* What is required: The required output is the lines below from the line containing "apply Hd; [lra | exact Hut]." to the line containing "0 <= T -> continuous_on 0 T mu ->", inclusive, retyped exactly. No other lines belong in it.

* Saved data entries:
Segment Open

(* Let $C_1>0$ and $\underline{\Phi}\in\mathbb{R}$. Let $T>0$ and $\mu\in C([0,T],(0,\infty))$ with $\Phi_h(\mu)\neq0$ (here $\Phi_h(\mu)$ is computed with terminal time $T$). Consider: (a) there exist $\lambda_1,\lambda_2\in\mathbb{R}$ with $\mathcal{G}(\mu)=C_1$, $\Phi(z_\mu(T))=\underline{\Phi}$, $\lambda_1 g'(\mu(t))+\lambda_2\Phi_h(\mu)=0$ for all $t\in[0,T]$, and $1+\lambda_1 g(\mu(T))+\lambda_2\Phi_h(\mu)\mu(T)=0$ (the first-order necessary conditions for a stationary point of $(\mu,T)\mapsto T$ subject to $\mathcal{G}(\mu)=C_1$ and $\Phi(z_\mu(T))=\underline{\Phi}$); (b) for a given $C_2>0$, there exist $\lambda_{1,\mathrm{ref}},\lambda_{2,\mathrm{ref}}\in\mathbb{R}$ with $\mathcal{G}(\mu)=C_1$, $\mathcal{I}(\mu)=C_2$, $\lambda_{1,\mathrm{ref}}g'(\mu(t))+\lambda_{2,\mathrm{ref}}=0$ for all $t\in[0,T]$, and $1+\lambda_{1,\mathrm{ref}}g(\mu(T))+\lambda_{2,\mathrm{ref}}\mu(T)=0$ (the first-order necessary conditions for a stationary point of $(\mu,T)\mapsto T$ subject to $\mathcal{G}(\mu)=C_1$ and $\mathcal{I}(\mu)=C_2$). Then: if (a) holds, then (b) holds with $C_2:=\mathcal{I}(\mu)$, which satisfies $\Phi(\hat z(C_2))=\underline{\Phi}$, and with $\lambda_{1,\mathrm{ref}}=\lambda_1$, $\lambda_{2,\mathrm{ref}}=\lambda_2\Phi_h(\mu)$. Conversely, if (b) holds for some $C_2>0$ with $\Phi(\hat z(C_2))=\underline{\Phi}$, then (a) holds with $\lambda_1=\lambda_{1,\mathrm{ref}}$, $\lambda_2=\lambda_{2,\mathrm{ref}}/\Phi_h(\mu)$.
   Context: Standing setup: $n,s\ge1$, $p\in\mathbb{R}^s$, $z_0\in\mathbb{R}^n$; $h:\mathbb{R}^n\times\mathbb{R}^s\to\mathbb{R}^n$ is continuously differentiable in its first argument and such that the autonomous initial value problem $\hat z'(\tau)=h(\hat z(\tau),p)$, $\hat z(0)=z_0$ has a unique solution $\hat z$ defined for all $\tau\in\mathbb{R}$. For $T>0$ and $\mu\in C([0,T],\mathbb{R})$, $z_\mu:[0,T]\to\mathbb{R}^n$ denotes the solution of $\dot z(t)=\mu(t)h(z(t),p)$, $z(0)=z_0$. $\Phi:\mathbb{R}^n\to\mathbb{R}$ is continuously differentiable, and $g:\mathbb{R}\to\mathbb{R}$ is continuously differentiable and positive. Define $\mathcal{G}(\mu):=\int_0^T g(\mu(t))\,\mathrm{d}t$, $\mathcal{I}(\mu):=\int_0^T\mu(t)\,\mathrm{d}t$, and $\Phi_h(\mu):=\nabla\Phi(z_\mu(T))\cdot h(z_\mu(T),p)$ (the Lie derivative of $\Phi$ along $h$ at the terminal state). *)

From Stdlib Require Import Reals Lra.
From Stdlib Require Fin.
Open Scope R_scope.

Definition Rn (n : nat) : Type := Fin.t n -> R.

Fixpoint fsum (n : nat) : (Fin.t n -> R) -> R :=
  match n return (Fin.t n -> R) -> R with
  | O => fun _ => 0
  | S m => fun f => f Fin.F1 + fsum m (fun i => f (Fin.FS i))
  end.

Definition dot {n} (u v : Rn n) : R := fsum n (fun i => u i * v i).
Definition vnorm {n} (u : Rn n) : R := fsum n (fun i => Rabs (u i)).
Definition vsub {n} (u v : Rn n) : Rn n := fun i => u i - v i.
Definition vadd {n} (u v : Rn n) : Rn n := fun i => u i + v i.
Definition vscal {n} (a : R) (u : Rn n) : Rn n := fun i => a * u i.

Definition is_linear {n m} (L : Rn n -> Rn m) : Prop :=
  forall (a b : R) (u v : Rn n) (i : Fin.t m),
    L (vadd (vscal a u) (vscal b v)) i = a * L u i + b * L v i.

Definition has_derivative {n m} (F : Rn n -> Rn m) (DF : Rn n -> Rn n -> Rn m) : Prop :=
  forall x : Rn n, is_linear (DF x) /\
    forall eps, 0 < eps -> exists delta, 0 < delta /\
      forall y, vnorm (vsub y x) < delta ->
        vnorm (vsub (vsub (F y) (F x)) (DF x (vsub y x))) <= eps * vnorm (vsub y x).

Definition C1_map {n m} (F : Rn n -> Rn m) : Prop :=
  exists DF, has_derivative F DF /\
    forall x eps, 0 < eps -> exists delta, 0 < delta /\
      forall y, vnorm (vsub y x) < delta ->
        forall v, vnorm (vsub (DF y v) (DF x v)) <= eps * vnorm v.

Definition C1_with_gradient {n} (Phi : Rn n -> R) (G : Rn n -> Rn n) : Prop :=
  (forall x eps, 0 < eps -> exists delta, 0 < delta /\
      forall y, vnorm (vsub y x) < delta ->
        Rabs (Phi y - Phi x - dot (G x) (vsub y x)) <= eps * vnorm (vsub y x)) /\
  (forall x eps, 0 < eps -> exists delta, 0 < delta /\
      forall y, vnorm (vsub y x) < delta -> vnorm (vsub (G y) (G x)) < eps).

(** Derivative of a real function relative to the interval [a,b]
    (one-sided at the endpoints). *)
Definition deriv_within (a b : R) (f : R -> R) (t l : R) : Prop :=
  forall eps, 0 < eps -> exists delta, 0 < delta /\
    forall u, a <= u <= b -> u <> t -> Rabs (u - t) < delta ->
      Rabs ((f u - f t) / (u - t) - l) < eps.

Definition continuous_on (a b : R) (f : R -> R) : Prop :=
  forall t, a <= t <= b -> forall eps, 0 < eps -> exists delta, 0 < delta /\
    forall u, a <= u <= b -> Rabs (u - t) < delta -> Rabs (f u - f t) < eps.

Definition RInt_eq (f : R -> R) (a b v : R) : Prop :=
  exists pr : Riemann_integrable f a b, RiemannInt pr = v.

Definition is_sol_mu {n s} (h : Rn n -> Rn s -> Rn n) (p : Rn s) (z0 : Rn n)
    (T : R) (mu : R -> R) (z : R -> Rn n) : Prop :=
  z 0 = z0 /\
  forall t, 0 <= t <= T -> forall i : Fin.t n,
    deriv_within 0 T (fun u => z u i) t (mu t * h (z t) p i).

Definition is_sol_hat {n s} (h : Rn n -> Rn s -> Rn n) (p : Rn s) (z0 : Rn n)
    (zh : R -> Rn n) : Prop :=
  zh 0 = z0 /\
  forall tau (i : Fin.t n), derivable_pt_lim (fun u => zh u i) tau (h (zh tau) p i).

(** First-order conditions (a): with Phih = Phi_h(mu). *)
Definition cond_a (g dg : R -> R) (mu : R -> R) (T C1 Phibar : R)
    (PhizT Phih : R) (l1 l2 : R) : Prop :=
  RInt_eq (fun t => g (mu t)) 0 T C1 /\
  PhizT = Phibar /\
  (forall t, 0 <= t <= T -> l1 * dg (mu t) + l2 * Phih = 0) /\
  1 + l1 * g (mu T) + l2 * Phih * mu T = 0.

Definition cond_b (g dg : R -> R) (mu : R -> R) (T C1 C2 : R) (l1 l2 : R) : Prop :=
  RInt_eq (fun t => g (mu t)) 0 T C1 /\
  RInt_eq mu 0 T C2 /\
  (forall t, 0 <= t <= T -> l1 * dg (mu t) + l2 = 0) /\
  1 + l1 * g (mu T) + l2 * mu T = 0.

(* The state equation z' = mu h(z) is the autonomous equation zh' = h(zh) run on the
   clock tau(t) = int_0^t mu, so by uniqueness z(T) = zh(int_0^T mu).  Hence the
   terminal constraint Phi(z_mu(T)) = Phibar of problem (a) is the constraint
   Phi(zh(C2)) = Phibar with C2 := I(mu), and the two systems of first-order
   conditions correspond to each other by rescaling the second multiplier with
   Phi_h(mu) <> 0. *)

From Stdlib Require Import Reals Lra.
From Coquelicot Require Import Coquelicot.
Open Scope R_scope.

Section ClampExtension.

Variables a b : R.
Hypothesis Hab : a <= b.

Definition clamp (t : R) : R := Rmax a (Rmin b t).

Lemma clamp_mem t : a <= clamp t <= b.
Proof. unfold clamp, Rmax, Rmin; repeat destruct Rle_dec; lra. Qed.

Lemma clamp_id t : a <= t <= b -> clamp t = t.
Proof. intros Ht; unfold clamp, Rmax, Rmin; repeat destruct Rle_dec; lra. Qed.

Lemma clamp_contracting x y : Rabs (clamp x - clamp y) <= Rabs (x - y).
Proof.
  unfold clamp, Rmax, Rmin.
  repeat destruct Rle_dec; unfold Rabs; repeat destruct Rcase_abs; lra.
Qed.

Lemma continuous_on_extension (f : R -> R) : continuous_on a b f ->
  exists F : R -> R, (forall x, continuous F x) /\ (forall t, a <= t <= b -> F t = f t).
Proof.
  intros Hf. exists (fun t => f (clamp t)). split.
  - intros x. apply continuity_pt_filterlim. intros eps Heps.
    destruct (Hf (clamp x) (clamp_mem x) eps Heps) as [d [Hd Hfd]].
    exists d; split; [exact Hd|]. intros y [_ Hy]. simpl in *. unfold R_dist in *.
    apply Hfd; [apply clamp_mem|].
    eapply Rle_lt_trans; [apply clamp_contracting | exact Hy].
  - intros t Ht. now rewrite clamp_id.
Qed.

End ClampExtension.

Lemma RInt_eq_RInt (f : R -> R) (a b v : R) : RInt_eq f a b v -> RInt f a b = v.
Proof. intros [pr <-]. apply RInt_Reals. Qed.

Lemma RInt_eq_of_ex_RInt (f : R -> R) (a b : R) : ex_RInt f a b -> RInt_eq f a b (RInt f a b).
Proof. intros Hf. exists (ex_RInt_Reals_0 f a b Hf). symmetry. apply RInt_Reals. Qed.

Lemma RInt_ext_on (f F : R -> R) (a b : R) : a <= b ->
  (forall t, a <= t <= b -> F t = f t) -> RInt F a b = RInt f a b.
Proof.
  intros Hab HF. apply RInt_ext. intros x Hx.
  rewrite Rmin_left, Rmax_right in Hx by lra. apply HF; lra.
Qed.

Lemma continuous_on_ex_RInt (f : R -> R) (a b : R) : a <= b ->
  continuous_on a b f -> ex_RInt f a b.
Proof.
  intros Hab Hf. destruct (continuous_on_extension a b Hab f Hf) as [F [HF HFf]].
  apply (ex_RInt_ext F).
  - intros x Hx. rewrite Rmin_left, Rmax_right in Hx by lra. apply HFf; lra.
  - apply (@ex_RInt_continuous R_CompleteNormedModule). intros; apply HF.
Qed.

Lemma continuous_on_RInt_gt_0 (f : R -> R) (a b : R) : a < b ->
  continuous_on a b f -> (forall t, a <= t <= b -> 0 < f t) -> 0 < RInt f a b.
Proof.
  intros Hab Hf Hpos.
  destruct (continuous_on_extension a b (Rlt_le _ _ Hab) f Hf) as [F [HF HFf]].
  rewrite <- (RInt_ext_on f F) by (auto; lra).
  apply RInt_gt_0; auto. intros x Hx. rewrite HFf by lra. apply Hpos; lra.
Qed.

Lemma derivable_pt_lim_deriv_within (a b : R) (f : R -> R) (t l : R) :
  derivable_pt_lim f t l -> deriv_within a b f t l.
Proof.
  intros Hf eps Heps. destruct (Hf eps Heps) as [d Hd].
  exists d. split; [apply cond_pos|]. intros u _ Hu Hut.
  replace u with (t + (u - t)) at 1 by ring.
  apply Hd; [lra | exact Hut].
Qed.

Section TimeChange.

Variables (n s : nat) (h : Rn n -> Rn s -> Rn n) (p : Rn s) (z0 : Rn n).
Variable zh : R -> Rn n.
Hypothesis Hzh : is_sol_hat h p z0 zh.

Lemma is_sol_mu_time_change (T : R) (mu m : R -> R) :
  (forall x, continuous m x) -> (forall t, 0 <= t <= T -> m t = mu t) ->
  is_sol_mu h p z0 T mu (fun t => zh (RInt m 0 t)).
Proof.
  intros Hm Hmmu. destruct Hzh as [Hzh0 Hzh'].
  set (tau := fun t => RInt m 0 t).
  assert (Htau : forall t, derivable_pt_lim tau t (m t)).
  { intros t. apply is_derive_Reals, (@is_derive_RInt R_NormedModule m tau 0); [|apply Hm].
    apply filter_forall. intros x. apply (@RInt_correct R_CompleteNormedModule).
    apply (@ex_RInt_continuous R_CompleteNormedModule). intros; apply Hm. }
  split.
  - change (zh (tau 0) = z0). unfold tau. now rewrite RInt_point.
  - intros t Ht i. apply derivable_pt_lim_deriv_within.
    rewrite <- (Hmmu t Ht), Rmult_comm.
    exact (derivable_pt_lim_comp tau (fun u => zh u i) t _ _ (Htau t) (Hzh' (tau t) i)).
Qed.

Lemma is_sol_mu_terminal (T : R) (mu : R -> R) (z : R -> Rn n) :
  0 <= T -> continuous_on 0 T mu ->
  (forall w, is_sol_mu h p z0 T mu w -> forall t, 0 <= t <= T -> w t = z t) ->
  z T = zh (RInt mu 0 T).
Proof.
  intros HT Hmu Huniq.
  destruct (continuous_on_extension 0 T HT mu Hmu) as [m [Hm Hmmu]].
  rewrite <- (RInt_ext_on mu m) by assumption.
  symmetry. apply (Huniq (fun t => zh (RInt m 0 t))); [|lra]. now apply is_sol_mu_time_change.
Qed.

End TimeChange.

Theorem theorem3
  (n s : nat) (Hn : (1 <= n)%nat) (Hs : (1 <= s)%nat)
  (p : Rn s) (z0 : Rn n) (h : Rn n -> Rn s -> Rn n)
  (Hh : forall q : Rn s, C1_map (fun x => h x q))
  (zh : R -> Rn n) (Hzh : is_sol_hat h p z0 zh)
  (Hzh_uniq : forall w : R -> Rn n, is_sol_hat h p z0 w -> forall tau, w tau = zh tau)
  (Phi : Rn n -> R) (gradPhi : Rn n -> Rn n) (HPhi : C1_with_gradient Phi gradPhi)
  (g dg : R -> R) (Hdg : forall x, derivable_pt_lim g x (dg x))
  (Hdg_cont : continuity dg) (Hg_pos : forall x, 0 < g x)
  (C1 Phibar : R) (HC1 : 0 < C1)
  (T : R) (HT : 0 < T) (mu : R -> R)
  (Hmu_cont : continuous_on 0 T mu) (Hmu_pos : forall t, 0 <= t <= T -> 0 < mu t)
  (z : R -> Rn n) (Hz : is_sol_mu h p z0 T mu z)
  (Hz_uniq : forall w : R -> Rn n, is_sol_mu h p z0 T mu w ->
               forall t, 0 <= t <= T -> w t = z t)
  (HPhih : dot (gradPhi (z T)) (h (z T) p) <> 0) :
  let Phih := dot (gradPhi (z T)) (h (z T) p) in
  (forall l1 l2 : R,
     cond_a g dg mu T C1 Phibar (Phi (z T)) Phih l1 l2 ->
     exists C2, RInt_eq mu 0 T C2 /\ 0 < C2 /\ Phi (zh C2) = Phibar /\
       cond_b g dg mu T C1 C2 l1 (l2 * Phih)) /\
  (forall C2 l1r l2r : R,
     0 < C2 -> Phi (zh C2) = Phibar ->
     cond_b g dg mu T C1 C2 l1r l2r ->
     cond_a g dg mu T C1 Phibar (Phi (z T)) Phih l1r (l2r / Phih)).
Proof.
  intros Phih.
  assert (HzT : z T = zh (RInt mu 0 T)).
  { apply (is_sol_mu_terminal n s h p z0 zh Hzh); auto; lra. }
  split.
  - intros l1 l2 (HG & HPhiT & Hstat & Htrans).
    exists (RInt mu 0 T).
    assert (HI : RInt_eq mu 0 T (RInt mu 0 T))
      by (apply RInt_eq_of_ex_RInt, continuous_on_ex_RInt; [lra | exact Hmu_cont]).
    repeat split; auto.
    + now apply continuous_on_RInt_gt_0.
    + now rewrite <- HzT.
  - intros C2 l1r l2r _ HPhiC2 (HG & HI & Hstat & Htrans).
    repeat split; auto.
    + now rewrite HzT, (RInt_eq_RInt mu 0 T C2 HI).
    + intros t Ht. field_simplify; [apply Hstat; exact Ht | exact HPhih].
    + field_simplify; [lra | exact HPhih].
Qed.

Segment Closed

* Response for this exercise:
  apply Hd; [lra | exact Hut].
Qed.

Section TimeChange.

Variables (n s : nat) (h : Rn n -> Rn s -> Rn n) (p : Rn s) (z0 : Rn n).
Variable zh : R -> Rn n.
Hypothesis Hzh : is_sol_hat h p z0 zh.

Lemma is_sol_mu_time_change (T : R) (mu m : R -> R) :
  (forall x, continuous m x) -> (forall t, 0 <= t <= T -> m t = mu t) ->
  is_sol_mu h p z0 T mu (fun t => zh (RInt m 0 t)).
Proof.
  intros Hm Hmmu. destruct Hzh as [Hzh0 Hzh'].
  set (tau := fun t => RInt m 0 t).
  assert (Htau : forall t, derivable_pt_lim tau t (m t)).
  { intros t. apply is_derive_Reals, (@is_derive_RInt R_NormedModule m tau 0); [|apply Hm].
    apply filter_forall. intros x. apply (@RInt_correct R_CompleteNormedModule).
    apply (@ex_RInt_continuous R_CompleteNormedModule). intros; apply Hm. }
  split.
  - change (zh (tau 0) = z0). unfold tau. now rewrite RInt_point.
  - intros t Ht i. apply derivable_pt_lim_deriv_within.
    rewrite <- (Hmmu t Ht), Rmult_comm.
    exact (derivable_pt_lim_comp tau (fun u => zh u i) t _ _ (Htau t) (Hzh' (tau t) i)).
Qed.

Lemma is_sol_mu_terminal (T : R) (mu : R -> R) (z : R -> Rn n) :
  0 <= T -> continuous_on 0 T mu ->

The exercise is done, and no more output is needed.